Collected data entries:
/---

Lemma arcx_kept i j : arcx i j = (i < j)%N &&
  [exists c, exists d, [&& keptx c d, (posx i <= posx c)%N & (posx d <= posx j)%N]].
Proof.
apply/idP/andP => [ij|[i_lt /existsP [c /existsP [d /and3P [cd ic dj]]]]]; last first.
  rewrite /arcx i_lt; rewrite !posx_le in ic dj.
  by apply: lt_le_trans (proj2 (andP (keptx_arc cd))) _; rewrite lerB.
split; first exact: (proj1 (arcx_lt ij)).
pose inside (cd : 'I_n * 'I_n) :=
  [&& arcx cd.1 cd.2, (posx i <= posx cd.1)%N & (posx cd.2 <= posx j)%N].
have [[c d] /and3P [cd ic dj] least] := @arg_minnP _ (i, j) inside
  (fun cd => posx cd.2 - posx cd.1)%N (introT and3P (And3 ij (leqnn _) (leqnn _))).
apply/existsP; exists c; apply/existsP; exists d; rewrite ic dj /keptx cd /= !andbT.
apply/negP; case/existsP => c'; case/existsP => d'; case/and4P => c'd' ne cc' d'd.
have inner : inside (c', d').
  by rewrite /inside /= c'd' (leq_trans ic cc') (leq_trans d'd dj).
have /= span := least _ inner; have [[_ lt] [_ lt']] := (arcx_lt cd, arcx_lt c'd').
have [/(proj1 posx_ranking) c'c /(proj1 posx_ranking) d'd'] :
  posx c' = posx c /\ posx d' = posx d by lia.
by rewrite c'c d'd' eqxx in ne.
Qed.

\---

● Task instructions: Only a word-for-word repetition of the lines from the one containing "have [/(proj1 posx_ranking)" to the final line of the data above counts as the answer.

● Output for this task:
have [/(proj1 posx_ranking) c'c /(proj1 posx_ranking) d'd'] :
  posx c' = posx c /\ posx d' = posx d by lia.
by rewrite c'c d'd' eqxx in ne.
Qed.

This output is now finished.